Installing, updating, and removing (when needed) installed programs are key responsibilities in a system administrator’s daily life. When a machine is connected to the Internet, these tasks can be easily performed using a package management system such as aptitude (or apt-get), yum, or zypper, depending on your chosen distribution, as explained in Part 9 – Linux Package Management of the LFCE (Linux Foundation Certified Engineer) series. You can also download standalone .deb or .rpm files and install them with dpkg or rpm, respectively.

Setup Yum Local Repository in CentOS 7
Linux Foundation Certified Engineer – Part 11
Introducing The Linux Foundation Certification Program

However, when a machine does not have access to the world wide web, another methods are necessary. Why would anyone want to do that? The reasons range from saving Internet bandwidth (thus avoiding several concurrent connections to the outside) to securing packages compiled from source locally, and including the possibility of providing packages that for legal reasons (for example, software that is restricted in some countries) cannot be included in official repositories.
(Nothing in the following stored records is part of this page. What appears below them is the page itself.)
(* Let $n\ge1$ and $j\ge2$ be integers with $j\not\equiv1\pmod 3$, and let $\lambda\in\Sigma$ satisfy \[ \max\{\lambda_1-\lambda_2,\ \lambda_2-\lambda_3,\ \lambda_3-\lambda_1+1\}\le n-i-1\ \text{ if } j=3i+2, \] \[ \max\{\lambda_2-\lambda_1,\ \lambda_3-\lambda_2,\ \lambda_1-\lambda_3-1\}\le n-i-1\ \text{ if } j=3i. \] Then the number of $(K'F'^\times,K_n)$-double cosets contained in $K'F'^\times\lambda(\varpi)K$ is at most $q^{3n-2i}(1+1/q)^3$ when $j=3i$, and at most $q^{3n-2i-2}(1+1/q)^3$ when $j=3i+2$.
   Context: $F$ is a $p$-adic field with $p\ne2,3$, ring of integers $R$, uniformizer $\varpi$, residue field of order $q$. $\Sigma=\{\lambda\in\mathbb Z^3:\lambda_1+\lambda_2+\lambda_3=0\}$ and $\lambda(\varpi)=\operatorname{diag}(\varpi^{\lambda_1},\varpi^{\lambda_2},\varpi^{\lambda_3})$. $F'=F(\varpi')$ with $\varpi'^3=\varpi$, embedded in $M_3(F)$ via its regular representation on the $R$-basis $\{1,\varpi',\varpi'^2\}$ of its ring of integers, so that $\varpi'$ is the matrix with entries $1$ in positions $(2,1),(3,2)$, $\varpi$ in position $(1,3)$, and $0$ elsewhere. $K=GL_3(R)$, $K_n$ is the subgroup of $K$ of elements congruent to the identity mod $\varpi^n$, and $K'$ is the lower triangular Iwahori subgroup (elements of $K$ whose reduction mod $\varpi$ is lower triangular). *)

From HB Require Import structures.
From mathcomp Require Import all_boot all_order all_algebra.
Set Implicit Arguments. Unset Strict Implicit. Unset Printing Implicit Defensive.
Import Order.TTheory GRing.Theory Num.Theory.
Local Open Scope ring_scope.

Section PAdic.
Variables (F : fieldType) (v : F -> int) (w : F).

Definition congr_pow (k : int) (x y : F) : Prop :=
  x - y = 0 \/ k <= v (x - y).

Definition in_R (x : F) : Prop := x = 0 \/ 0 <= v x.

(** v is a normalized discrete valuation on F^x (v 0 is irrelevant) *)
Definition discrete_valuation : Prop :=
  (forall x y, x != 0 -> y != 0 -> v (x * y) = v x + v y) /\
  (forall x y, x != 0 -> y != 0 -> x + y != 0 -> Num.min (v x) (v y) <= v (x + y)).

(** the residue field R / wR has exactly q elements *)
Definition residue_card (q : nat) : Prop :=
  exists s : seq F,
    [/\ size s = q, (forall x, x \in s -> in_R x),
        (forall a b, (a < size s)%N -> (b < size s)%N -> a <> b ->
            ~ congr_pow 1 (nth 0 s a) (nth 0 s b)) &
        (forall x, in_R x -> exists y, y \in s /\ congr_pow 1 x y)].

(** F is a p-adic field (char 0, complete w.r.t. a discrete valuation,
    finite residue field of order q and characteristic p), with
    uniformizer w and ring of integers R = in_R. *)
Definition padic_field (p q : nat) : Prop :=
  [/\ discrete_valuation /\ (w != 0 /\ v w = 1),
      (forall m : nat, (0 < m)%N -> (m%:R : F) != 0),
      residue_card q,
      (prime p /\ congr_pow 1 (p%:R) 0) &
      (forall u : nat -> F,
         (forall k : int, exists N, forall m l, (N <= m)%N -> (N <= l)%N ->
             congr_pow k (u m) (u l)) ->
         exists L, forall k : int, exists N, forall m, (N <= m)%N ->
             congr_pow k (u m) L)].

Definition mat_R (A : 'M[F]_3) : Prop := forall i j, in_R (A i j).

(** K = GL_3(R) *)
Definition inK (A : 'M[F]_3) : Prop :=
  mat_R A /\ \det A != 0 /\ v (\det A) = 0.

Definition inKn (n : nat) (A : 'M[F]_3) : Prop :=
  inK A /\ forall i j, congr_pow n%:Z (A i j) ((1%:M : 'M[F]_3) i j).

(** K' = lower triangular Iwahori: reduction mod w lower triangular *)
Definition inK' (A : 'M[F]_3) : Prop :=
  inK A /\ forall i j : 'I_3, (i < j)%N -> congr_pow 1 (A i j) 0.

(** the matrix of w' = w^(1/3) in the regular representation on {1,w',w'^2} *)
Definition wmat : 'M[F]_3 :=
  \matrix_(i < 3, j < 3)
    if (i == 1%N :> nat) && (j == 0%N :> nat) then 1
    else if (i == 2%N :> nat) && (j == 1%N :> nat) then 1
    else if (i == 0%N :> nat) && (j == 2%N :> nat) then w
    else 0.

(** F'^x embedded in GL_3(F) *)
Definition inF'x (A : 'M[F]_3) : Prop :=
  exists a b c : F, (a, b, c) != (0, 0, 0) /\
    A = a%:M + b *: wmat + c *: (wmat *m wmat).

Definition inK'F'x (A : 'M[F]_3) : Prop :=
  exists k f, inK' k /\ inF'x f /\ A = k *m f.

Definition lam_mat (l1 l2 l3 : int) : 'M[F]_3 :=
  \matrix_(i < 3, j < 3)
    if i == j then w ^ (nth 0 [:: l1; l2; l3] i) else 0.

Definition in_big_cell (l1 l2 l3 : int) (g : 'M[F]_3) : Prop :=
  exists h k, inK'F'x h /\ inK k /\ g = h *m lam_mat l1 l2 l3 *m k.

Definition same_dcoset (n : nat) (g g' : 'M[F]_3) : Prop :=
  exists h y, inK'F'x h /\ inKn n y /\ g' = h *m g *m y.

(** the number of (K'F'^x, K_n)-double cosets contained in
    K'F'^x lambda(w) K is at most N: any family of elements of
    K'F'^x lambda(w) K lying in pairwise distinct double cosets has
    at most N members. *)
Definition dcoset_count_le (n : nat) (l1 l2 l3 : int) (N : rat) : Prop :=
  forall s : seq 'M[F]_3,
    (forall g, g \in s -> in_big_cell l1 l2 l3 g) ->
    (forall a b, (a < size s)%N -> (b < size s)%N -> a <> b ->
        ~ same_dcoset n (nth 0 s a) (nth 0 s b)) ->
    (size s)%:R <= N.

End PAdic.

From HB Require Import structures.
From mathcomp Require Import all_boot all_order all_algebra zify ring lra.
Set Implicit Arguments. Unset Strict Implicit. Unset Printing Implicit Defensive.
Import Order.TTheory GRing.Theory Num.Theory.
Local Open Scope ring_scope.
That is precisely where network repositories come into play, which is the central topic of this article.

Our Testing Environment
Network Repository Server:	CentOS 7 [enp0s3: 192.168.0.17] - dev1
Client Machine:			CentOS 6.6 [eth0: 192.168.0.18] - dev2

Setting Up a Network Repository Server on CentOS 7

As a first step, we will handle the installation and configuration of a CentOS 7 box as a repository server [IP address 192.168.0.17] and a CentOS 6.6 machine as client. The setup for openSUSE is almost identical.

For CentOS 7, follow the below articles that explains a step-by-step instructions of CentOS 7 installation and how to setup a static IP address.
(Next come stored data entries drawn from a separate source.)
Lemma stay_ge_start_potential (G : pred (config n)) (tau : R) k c0 :
  0 <= p -> 2 * p <= 1 -> (1 < n)%N -> 2 * hit_rate p n (numX c0) <= 1 ->
  (forall c, ~~ G c -> amin c < tau) ->
  1 - expR (1/2 * (tau * n%:R)) * pot (1/2 * (1 - 2 * hit_rate p n (numX c0)) ^+ k) c0
    <= stay p G k c0.
Proof.
move=> p_ge0 p_le n_gt1 rho_le G_bad.
have rho_ge0 := hit_rate_ge0 (numX c0) p_ge0 n_gt1.
set r := 1 - 2 * hit_rate p n (numX c0).
have r_ge0 : 0 <= r by rewrite /r; lra.
have r_le1 : r <= 1 by rewrite /r; lra.
have lam_ge0 k' : 0 <= 1/2 * r ^+ k' by rewrite mulr_ge0 ?exprn_ge0 //; lra.
have lam_le k' : 1/2 * r ^+ k' <= 1/2 by rewrite ler_piMr ?exprn_ile1 //; lra.
apply: (stay_ge_potential (I := fun c => numX c == numX c0)
  (f := fun k c => expR (1/2 * (tau * n%:R)) * pot (1/2 * r ^+ k) c)) => //.
- by move=> c u v z /eqP <- out_neq0; rewrite (numX_upd out_neq0).
- by move=> k' c; rewrite mulr_ge0 ?expR_ge0 ?pot_ge0.
- move=> k' c _ /G_bad /numAi_lt_of_amin_lt [|i /ltW N_le]; first lia.
  exact: expR_mul_pot_ge1 N_le.
- move=> k' c /eqP X_eq _.
  under eq_bigr do rewrite mulrCA; rewrite -mulr_sumr ler_wpM2l ?expR_ge0 //.
  by have := pot_step c p_ge0 p_le n_gt1 (lam_ge0 k') (lam_le k'); rewrite X_eq -/r exprSr mulrA.
Qed.

End Argument.

Lemma pot_start_le (R : realType) n (c0 : config n) (C k : nat) (rho : R) :
  (1296 <= n)%N -> 0 < amin (R:=R) c0 -> (0 < C)%N -> 0 <= rho -> 16 * rho * n%:R <= 1 ->
  let L := ln (1 / amin (R:=R) c0) in let tau := expR (- (100 * C%:R * L)) in
  k%:R <= C%:R * n%:R * L -> 1 < tau * n%:R ->
  expR (1/2 * (tau * n%:R)) * pot (1/2 * (1 - 2 * rho) ^+ k) c0 <= expR (- n%:R `^ (1/4)).
Proof.
move=> n_ge a0_gt0 C_gt0 rho_ge0 rho_le L tau k_le tau_gt.
have n_ge' : 1296 <= n%:R :> R by rewrite (ler_nat _ 1296).
have a0_le : amin c0 <= 1/3 :> R by apply: amin_le_third; lia.
have a0E : expR (- L) = amin c0 by rewrite /L div1r lnV ?posrE // opprK lnK ?posrE.
have L_ge0 : 0 <= L by rewrite /L div1r lnV ?posrE // oppr_ge0 ln_le0 //; lra.
have C_ge1 : 1 <= C%:R :> R by rewrite ler1n.
have CL_ge0 : 0 <= C%:R * L by rewrite mulr_ge0 //; lra.
have rho_small : 2 * rho <= 1/2 by nra.
have rk_ge : expR (- (C%:R * L / 4)) <= (1 - 2 * rho) ^+ k.
  apply: le_trans (expR_le_1B_pow k _ rho_small); [rewrite ler_expR | lra].
  have := ler_wpM2l rho_ge0 k_le; have := ler_wpM2r CL_ge0 rho_le; nra.
apply: le_trans (ler_wpM2l (expR_ge0 _) (pot_le_amin _ _ _)) _;
  [exact: leq_trans n_ge | rewrite mulr_ge0 ?exprn_ge0 //; lra |].
apply: (start_estimate (Q := expR (- (2 * C%:R * L)))) => //; rewrite ?expR_ge0 //.
- by apply: le_trans a0_le; rewrite -a0E ler_expR; nra.
- by rewrite -expRM_natr ler_expR; nra.
- rewrite -a0E; apply: le_trans (ler_wpM2r (expR_ge0 _) rk_ge).
  by rewrite -expRD ler_expR; nra.
Qed.

Theorem lemma18 (R : realType) :
  forall s : R, 0 < s <= 1 ->
  exists p0 : R, 0 < p0 /\
  forall p : R, 0 < p <= p0 ->
  exists c12 : R, 0 < c12 /\
  forall x : R, 0 < x < c12 ->
  forall C : nat, (0 < C)%N ->
  exists delta : R, 0 < delta /\
  exists n0 : nat,
  forall (n : nat) (c0 : config n), (n0 <= n)%N ->
    (numX c0)%:R = x * n%:R ->
    (numA c0)%:R = s * n%:R ->
    0 < amin (R:=R) c0 ->
    let T := C%:R * n%:R * ln (1 / amin (R:=R) c0) in
    let good := fun c : config n =>
      ln (1 / Num.max (1 / n%:R) (amin (R:=R) c)) <= 100 * C%:R * ln (1 / amin (R:=R) c0) in
    forall k : nat, k%:R <= T ->
      1 - expR (- powR n%:R delta) <= stay p good k c0.
Proof.
move=> s _; exists (1/100); split=> [|p /andP[p_gt0 p_le]]; first lra.
exists (1/100); split=> [|x /andP[x_gt0 x_lt] C C_gt0]; first lra.
exists (1/4); split; first lra.
exists 1296%N => n c0 n_ge X_eq _ a0_gt0 T good k k_le.
have n_gt1 : (1 < n)%N by apply: leq_trans n_ge.
have p_le' : 2 * p <= 1 by lra.
have rho_le : 16 * hit_rate p n (numX c0) * n%:R <= 1.
  by apply: (hit_rate_small _ _ X_eq n_gt1); apply/andP; split; lra.
have rho_ge0 := hit_rate_ge0 (numX c0) (ltW p_gt0) n_gt1.
set tau := expR (- (100 * C%:R * ln (1 / amin (R:=R) c0))).
have goodE c : good c = (tau <= 1 / n%:R) || (tau <= amin c).
  by rewrite /good ln_inv_le -?le_max // lt_max divr_gt0 ?ltr0n //; lia.
have [tau_le | tau_gt] := leP tau (1 / n%:R).
  rewrite stay_eq1 // => [|c]; last by rewrite goodE tau_le.
  by rewrite lerBlDr lerDl expR_ge0.
apply: le_trans _ (stay_ge_start_potential k (ltW p_gt0) p_le' n_gt1 _ _).
- rewrite lerD2l lerN2; apply: (pot_start_le (C := C)) => //.
  by rewrite -ltr_pdivrMr ?ltr0n //; apply: leq_trans n_ge.
- have n_ge1 : 1 <= n%:R :> R by rewrite ler1n; lia.
  nra.
- by move=> c; rewrite goodE (lt_geF tau_gt) /= -ltNge.
Qed.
  1. Installation of CentOS 7.0 with Screenshots
  2. How to Configure Network Static IP Address on CentOS 7

As for Ubuntu, there is a great article on this site that explains, step by step, how to set up your own, private repository.

  1. Setup Local Repositories with ‘apt-mirror’ in Ubuntu

Our first choice will be the way in which clients will access the repository server – FTP and HTTP are the most well used. We will choose the latter as the Apache installation was covered in Part 1 – Installing Apache of this LFCE series. This will also allow us to display the package listing using a web browser.

Next, we need to create directories to store the .rpm packages. We will create subdirectories within /var/www/html/repos accordingly. For our convenience, we may also want to create other subdirectories to host packages for different versions of each distribution (of course we can still add as many directories as needed later) and even different architectures.

Setting Up the Repository

An important thing to take into consideration when setting up your own repository is that you will need a considerable amount of available disk space (~20 GB). If you don’t, resize the filesystem where you’re planning on storing the repository’s contents, or even better add an extra dedicated storage device to host the repository.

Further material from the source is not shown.